= Beginning of Section =
Lemma four_functions_bool t : four_functions (bool_meet t) (bool_join t).
Proof.
move=> a b c d ha hb hc hd H; rewrite !big_bool /=.
case: t H => H.
- have := four_functions_two_point (ha false) (ha true) (hb false) (hb true)
    (hc false) (hc true) (hd false) (hd true)
    (H false false) (H true true) (H false true) (H true false).
  lra.
- have := four_functions_two_point (ha true) (ha false) (hb true) (hb false)
    (hc true) (hc false) (hd true) (hd false)
    (H true true) (H false false) (H true false) (H false true).
  lra.
Qed.

Lemma four_functions_prod (T1 T2 : finType) (m1 j1 : T1 -> T1 -> T1)
    (m2 j2 : T2 -> T2 -> T2) :
  four_functions m1 j1 -> four_functions m2 j2 ->
  four_functions (T := (T1 * T2)%type)
    (fun p q => (m1 p.1 q.1, m2 p.2 q.2)) (fun p q => (j1 p.1 q.1, j2 p.2 q.2)).
Proof.
move=> H1 H2 a b c d ha hb hc hd H; rewrite !rsum_pair.
apply: H1; try by move=> x; apply: rsum_ge0.
by move=> x y; apply: H2 => // x' y'; apply: (H (x, _) (y, _)).
Qed.

Lemma four_functions_transfer (T1 T2 : finType) (m1 j1 : T1 -> T1 -> T1)
    (m2 j2 : T2 -> T2 -> T2) (f : T1 -> T2) :
  bijective f ->
  (forall x y, f (m1 x y) = m2 (f x) (f y)) ->
  (forall x y, f (j1 x y) = j2 (f x) (f y)) ->
  four_functions m1 j1 -> four_functions m2 j2.
Proof.
move=> fbij fm fj H a b c d ha hb hc hd Hab.
have reindexf F : \rsum_(x : T2) F x = \rsum_(y : T1) F (f y).
  by rewrite (reindex f) //; apply: onW_bij.
rewrite !reindexf; apply: H => // x y.
by rewrite fm fj.
Qed.

Definition config_meet N (t : 'I_N -> bool) (x y : config N) : config N :=
  [ffun i => bool_meet (t i) (x i) (y i)].
Definition config_join N (t : 'I_N -> bool) (x y : config N) : config N :=
  [ffun i => bool_join (t i) (x i) (y i)].

Definition config_cons N (p : bool * config N) : config N.+1 :=
  [ffun i => if unlift ord0 i is Some j then p.2 j else p.1].

Lemma config_cons_bij N : bijective (@config_cons N).
Proof.
exists (fun z : config N.+1 => (z ord0, [ffun j => z (lift ord0 j)])).
- case=> b x; rewrite /config_cons /=; congr pair.
  + by rewrite ffunE unlift_none.
  + by apply/ffunP => j; rewrite !ffunE liftK.
- move=> z; apply/ffunP => i; rewrite ffunE /=.
  by case: unliftP => [j ->|->]; rewrite ?ffunE.
Qed.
= End of Section =
*Work to be completed:*
Repeat exactly the lines that run from the opening of the listing through the line holding "(hc false) (hc true) (hd false) (hd true)". Leave out everything else.

*Result of this task:*
Lemma four_functions_bool t : four_functions (bool_meet t) (bool_join t).
Proof.
move=> a b c d ha hb hc hd H; rewrite !big_bool /=.
case: t H => H.
- have := four_functions_two_point (ha false) (ha true) (hb false) (hb true)
    (hc false) (hc true) (hd false) (hd true)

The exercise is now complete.